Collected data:
((
Lemma measure_bigcup2_le d (T : measurableType d) (R : realType)
    (mu : {measure set T -> \bar R}) (G : nat -> nat -> set T) :
  (forall i k, measurable (G i k)) ->
  (mu (\bigcup_i \bigcup_k G i k) <= \sum_(i <oo) \sum_(k <oo) mu (G i k))%E.
Proof.
move=> Gmeas; have Gi i : measurable (\bigcup_k G i k).
  by apply: bigcup_measurable => k _.
apply: le_trans (measure_sigma_subadditive _ Gi _ _) _ => //.
  by apply: bigcup_measurable => i _.
apply: lee_nneseries => [i _ _|i _]; first exact: measure_ge0.
exact: measure_sigma_subadditive.
Qed.

Definition near_block (M k0 : nat) : seq perc_index :=
  [seq inl (- i%:Z) | i <- iota 1 M] ++
  [seq inr (- i%:Z, n) | i <- iota 1 M, n <- iota 1 k0].

Definition block_value (k0 : nat) (j : perc_index) : nat :=
  if j is inl _ then k0 else 0.

Lemma neg_nat_inj : injective (fun i : nat => - (i%:Z)).
Proof. by move=> a b /oppr_inj []. Qed.

Lemma near_block_uniq M k0 : uniq (near_block M k0).
Proof.
rewrite cat_uniq; apply/and3P; split.
- by rewrite map_inj_uniq ?iota_uniq // => a b [] /neg_nat_inj.
- by apply/hasPn => _ /allpairsP[[a b] [_ _ ->]]; apply/negP => /mapP[].
- apply: allpairs_uniq; rewrite ?iota_uniq //.
  by move=> [a b] [c e] _ _ [/neg_nat_inj -> ->].
Qed.

Lemma near_block_admissible M k0 : all perc_admissible (near_block M k0).
Proof.
rewrite all_cat; apply/andP; split; first by apply/allP => _ /mapP[c _ ->].
apply/allP => _ /allpairsP[[a b] [_ /= hb ->]].
by move: hb; rewrite mem_iota => /andP[].
Qed.

Lemma mem_near_block_inl M k0 i :
  (inl (- i%:Z) \in near_block M k0) = (0 < i <= M)%N.
Proof.
rewrite mem_cat; apply/orP/idP => [[/mapP[c hc [/neg_nat_inj ->]]|]|hi].
- by move: hc; rewrite mem_iota add1n ltnS.
- by case/allpairsP => -[? ?] [_ _].
- by left; apply/mapP; exists i; rewrite // mem_iota add1n ltnS.
Qed.

Lemma mem_near_block_inr M k0 i n : (0 < i <= M)%N -> (0 < n <= k0)%N ->
  inr (- i%:Z, n) \in near_block M k0.
Proof.
move=> hi hn; rewrite mem_cat; apply/orP; right.
by apply/allpairsP; exists (i, n); rewrite !mem_iota !add1n !ltnS.
Qed.

Section crossing.
Variables (d : measure_display) (T : measurableType d) (R : realType).
Variables (P : probability T R) (Nv : int -> T -> nat).
Variables (op : int -> nat -> T -> bool) (p : R).
Hypothesis hp1 : p < 1.
Hypothesis hNmeas : forall i k, measurable (Nv i @^-1` [set k]).
Hypothesis hopmeas : forall i n, measurable (op i n @^-1` [set true]).
Hypothesis hident : forall i k, P (Nv i @^-1` [set k]) = P (Nv 0 @^-1` [set k]).
Hypothesis hbern : forall i n, (0 < n)%N -> P (op i n @^-1` [set true]) = p%:E.
Hypothesis hindep : indep_discrete P perc_admissible (perc_family Nv op).

Definition law (k : nat) : R := fine (P (Nv 0 @^-1` [set k])).

Lemma P_Nv i k : P (Nv i @^-1` [set k]) = (law k)%:E.
Proof. by rewrite hident /law fineK // fin_num_measure. Qed.

Lemma law_ge0 k : 0 <= law k.
Proof. by rewrite -lee_fin -(P_Nv 0) measure_ge0. Qed.

Lemma perc_family_measurable j v : measurable (perc_family Nv op j @^-1` [set v]).
Proof.
case: j => [i|[i n]] /=; first exact: hNmeas.
have -> : (fun w => nat_of_bool (op i n w)) @^-1` [set v] =
    if v == 1%N then op i n @^-1` [set true]
    else if v == 0%N then ~` (op i n @^-1` [set true]) else set0.
  by apply/seteqP; split => w; case: v => [|[|v]] /=; case: (op i n w).
case: eqP => _; first exact: hopmeas.
by case: eqP => _; [exact: measurableC|exact: measurable0].
Qed.

Lemma P_closed_bond i n : (0 < n)%N ->
  P (perc_family Nv op (inr (i, n)) @^-1` [set 0%N]) = (1 - p)%:E.
Proof.
move=> n0; have -> : perc_family Nv op (inr (i, n)) @^-1` [set 0%N]
    = ~` (op i n @^-1` [set true]).
  by apply/seteqP; split => w /=; case: (op i n w).
by rewrite probability_setC ?hbern // EFinB.
Qed.

Definition blocked (M k0 : nat) : set T :=
  \bigcap_(j in [set` near_block M k0])
    perc_family Nv op j @^-1` [set block_value k0 j].

Lemma blocked_measurable M k0 : measurable (blocked M k0).
Proof.
apply: fin_bigcap_measurable; first exact: finite_seq.
by move=> j _; exact: perc_family_measurable.
Qed.

(* D has positive probability as soon as N charges k0: it is a finite
   intersection of independent events of positive probability. *)
Lemma blocked_pos M k0 : (0 < P (Nv 0%R @^-1` [set k0]))%E ->
  (0 < P (blocked M k0))%E.
Proof.
move=> atom_k0; rewrite /blocked hindep ?near_block_uniq ?near_block_admissible //.
rewrite big_seq; apply: prode_gt0 => -[i|[i n]] /(allP (near_block_admissible M k0)) /=.
  by rewrite hident.
by move=> n0; rewrite P_closed_bond // lte_fin subr_gt0.
Qed.

Lemma blocked_far_indep M k0 i k : (M < i)%N ->
  P (Nv (- i%:Z) @^-1` [set k] `&` blocked M k0)
  = ((law k)%:E * P (blocked M k0))%E.
Proof.
move=> Mi; rewrite -(P_Nv (- i%:Z)).
apply: (indep_discrete_cons (j := inl (- i%:Z)) k (block_value k0) hindep erefl
  (near_block_admissible M k0) (near_block_uniq M k0)).
by rewrite mem_near_block_inl (leqNgt i M) Mi andbF.
Qed.

Lemma crossing_event_measurable : measurable (crossing_event Nv op).
Proof.
have -> : crossing_event Nv op = \bigcup_i \bigcup_j \bigcup_k
    (if ((1 <= i) && (i + j <= k))%N then
       Nv (- i%:Z) @^-1` [set k] `&` op (- i%:Z) (i + j) @^-1` [set true]
     else set0).
  apply/seteqP; split => w /=.
  - move=> [i [j [i1 [hle hop]]]]; exists i => //; exists j => //.
    by exists (Nv (- i%:Z) w) => //; rewrite i1 hle.
  - move=> [i _ [j _ [k _]]]; case: ifP => // /andP[i1 hle] [/= hk hop].
    by exists i, j; rewrite hk.
do 3 (apply: bigcup_measurable => ? _).
by case: ifP => _; [exact: measurableI|exact: measurable0].
Qed.

Definition far_piece (M k0 i k : nat) : set T :=
  if (M < i <= k)%N then Nv (- i%:Z) @^-1` [set k] `&` blocked M k0 else set0.

Definition far_event (M k0 : nat) : set T :=
  \bigcup_i \bigcup_k far_piece M k0 i k.

Lemma far_piece_measurable M k0 i k : measurable (far_piece M k0 i k).
Proof.
rewrite /far_piece; case: ifP => _; last exact: measurable0.
exact: measurableI (hNmeas _ _) (blocked_measurable M k0).
Qed.

(* On D, the sites -1, ..., -M cannot carry a crossing (their bonds reach at
   most k0 and are closed), so a crossing needs a far site with N_{-i} >= i. *)
Lemma crossing_sub_far M k0 :
  crossing_event Nv op `<=` ~` blocked M k0 `|` far_event M k0.
Proof.
move=> w [i [j [i1 [hle hop]]]].
case: (pselect (blocked M k0 w)) => blocked_w; [right|by left].
have block_at jj : jj \in near_block M k0 ->
    perc_family Nv op jj w = block_value k0 jj.
  exact: blocked_w.
case: (leqP i M) => hiM.
  have iblock : (0 < i <= M)%N by rewrite i1.
  have Ni : Nv (- i%:Z) w = k0.
    by apply: (block_at (inl _)); rewrite mem_near_block_inl.
  have /block_at /= : inr (- i%:Z, (i + j)%N) \in near_block M k0.
    by apply: mem_near_block_inr; rewrite // -Ni addn_gt0 i1 hle.
  by rewrite hop.
exists i => //; exists (Nv (- i%:Z) w) => //.
by rewrite /far_piece hiM (leq_trans (leq_addr j i) hle).
Qed.

Lemma far_event_bound M k0 :
  (P (far_event M k0) <= P (blocked M k0) *
     \sum_(i <oo) \sum_(k <oo) (if (M < i <= k)%N then law k else 0)%:E)%E.
Proof.
have blocked_fin := fin_num_measure P _ (blocked_measurable M k0).
have a0 i k : (0 <= (if (M < i <= k)%N then law k else 0)%:E)%E.
  by rewrite lee_fin; case: ifP => // _; exact: law_ge0.
apply: le_trans (measure_bigcup2_le _ (far_piece_measurable M k0)) _.
rewrite -(fineK blocked_fin) -nneseriesZl; last by move=> i _; exact: nneseries_ge0.
apply: lee_nneseries => [i _ _|i _]; first exact: nneseries_ge0.
rewrite -nneseriesZl //.
apply: lee_nneseries => [k _ _|k _]; first exact: measure_ge0.
rewrite /far_piece; case: ifP => [/andP[Mi _]|_]; last by rewrite measure0 mule0.
rewrite (fineK blocked_fin) muleC le_eqVlt; apply/orP; left; apply/eqP.
exact: blocked_far_indep.
Qed.

Lemma mean_law : (\sum_(0 <= k <oo) ((k%:R : R)%:E * P (Nv 0%R @^-1` [set k]))
                 = \sum_(0 <= k <oo) (k%:R * law k)%:E)%E.
Proof. by apply: eq_eseriesr => k _; rewrite EFinM P_Nv. Qed.

Lemma crossing_le M k0 :
  (P (crossing_event Nv op) <= 1 - P (blocked M k0)
     + P (blocked M k0) * \sum_(M.+1 <= k <oo) (k%:R * law k)%:E)%E.
Proof.
have Dmeas := blocked_measurable M k0.
have Fmeas : measurable (far_event M k0).
  by do 2 (apply: bigcup_measurable => ? _); exact: far_piece_measurable.
apply: le_trans (le_measure P (mem_set crossing_event_measurable)
  (mem_set (measurableU _ _ (measurableC Dmeas) Fmeas)) (crossing_sub_far M k0)) _.
apply: le_trans (measureU2 P (measurableC Dmeas) Fmeas) _.
apply: leeD.
  by rewrite le_eqVlt; apply/orP; left; apply/eqP; exact: probability_setC.
apply: le_trans (far_event_bound M k0) _.
by apply: lee_wpmul2l; [exact: measure_ge0|exact: layer_cake_tail law_ge0].
Qed.

End crossing.

Theorem mainTheorem7 (d : measure_display) (T : measurableType d) (R : realType)
  (P : probability T R) (Nv : int -> T -> nat) (op : int -> nat -> T -> bool)
  (p : R) (hp0 : 0 <= p) (hp1 : p < 1)
  (hNmeas : forall i k, measurable (Nv i @^-1` [set k]))
  (hopmeas : forall i n, measurable (op i n @^-1` [set true]))
  (hident : forall i k, P (Nv i @^-1` [set k]) = P (Nv 0 @^-1` [set k]))
  (hmean : (\sum_(0 <= k <oo) ((k%:R : R)%:E * P (Nv 0%R @^-1` [set k]))%E < +oo)%E)
  (hbern : forall i n, (0 < n)%N -> P (op i n @^-1` [set true]) = p%:E)
  (hindep : indep_discrete P perc_admissible (perc_family Nv op)) :
  (P (crossing_event Nv op) < 1)%E.
Proof.
have [k0 atom_k0] := exists_positive_atom P (hNmeas 0).
have mean_terms_ge0 k : (0 <= (k%:R * law P Nv k)%:E)%E.
  by rewrite lee_fin mulr_ge0 // (law_ge0 hNmeas hident).
have mean_fin := hmean; rewrite (mean_law hNmeas hident) in mean_fin.
have [M tail_lt] := nneseries_tail_lt ltr01 mean_terms_ge0 mean_fin.
have := tail_lt M.+1 (leqnSn M).
set t := (\sum_(M.+1 <= k <oo) _)%E => t_lt1.
have t_fin : t \is a fin_num.
  rewrite ge0_fin_numE; first exact: lt_trans t_lt1 (ltry 1).
  by apply: nneseries_ge0 => k _ _.
have D_pos := blocked_pos hp1 hopmeas hident hbern hindep M atom_k0.
pose g := fine (P (blocked Nv op M k0)).
have gE : P (blocked Nv op M k0) = g%:E.
  by rewrite fineK // fin_num_measure //; exact: blocked_measurable.
have tE : t = (fine t)%:E by rewrite fineK.
have g_pos : 0 < g by rewrite -lte_fin -gE.
have tail_lt1 : fine t < 1 by rewrite -lte_fin -tE.
apply: le_lt_trans (crossing_le hNmeas hopmeas hident hindep M k0) _.
rewrite -/t gE tE -EFinM -EFinB -EFinD lte_fin.
nra.
Qed.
))
_What needs to be done_
Reproduce only the lines above, starting at the line with "- by left; apply/mapP;" and ending at the line with "Lemma law_ge0 k : 0 <= law k.", exactly as written.

_Output for this task_
- by left; apply/mapP; exists i; rewrite // mem_iota add1n ltnS.
Qed.

Lemma mem_near_block_inr M k0 i n : (0 < i <= M)%N -> (0 < n <= k0)%N ->
  inr (- i%:Z, n) \in near_block M k0.
Proof.
move=> hi hn; rewrite mem_cat; apply/orP; right.
by apply/allpairsP; exists (i, n); rewrite !mem_iota !add1n !ltnS.
Qed.

Section crossing.
Variables (d : measure_display) (T : measurableType d) (R : realType).
Variables (P : probability T R) (Nv : int -> T -> nat).
Variables (op : int -> nat -> T -> bool) (p : R).
Hypothesis hp1 : p < 1.
Hypothesis hNmeas : forall i k, measurable (Nv i @^-1` [set k]).
Hypothesis hopmeas : forall i n, measurable (op i n @^-1` [set true]).
Hypothesis hident : forall i k, P (Nv i @^-1` [set k]) = P (Nv 0 @^-1` [set k]).
Hypothesis hbern : forall i n, (0 < n)%N -> P (op i n @^-1` [set true]) = p%:E.
Hypothesis hindep : indep_discrete P perc_admissible (perc_family Nv op).

Definition law (k : nat) : R := fine (P (Nv 0 @^-1` [set k])).

Lemma P_Nv i k : P (Nv i @^-1` [set k]) = (law k)%:E.
Proof. by rewrite hident /law fineK // fin_num_measure. Qed.

Lemma law_ge0 k : 0 <= law k.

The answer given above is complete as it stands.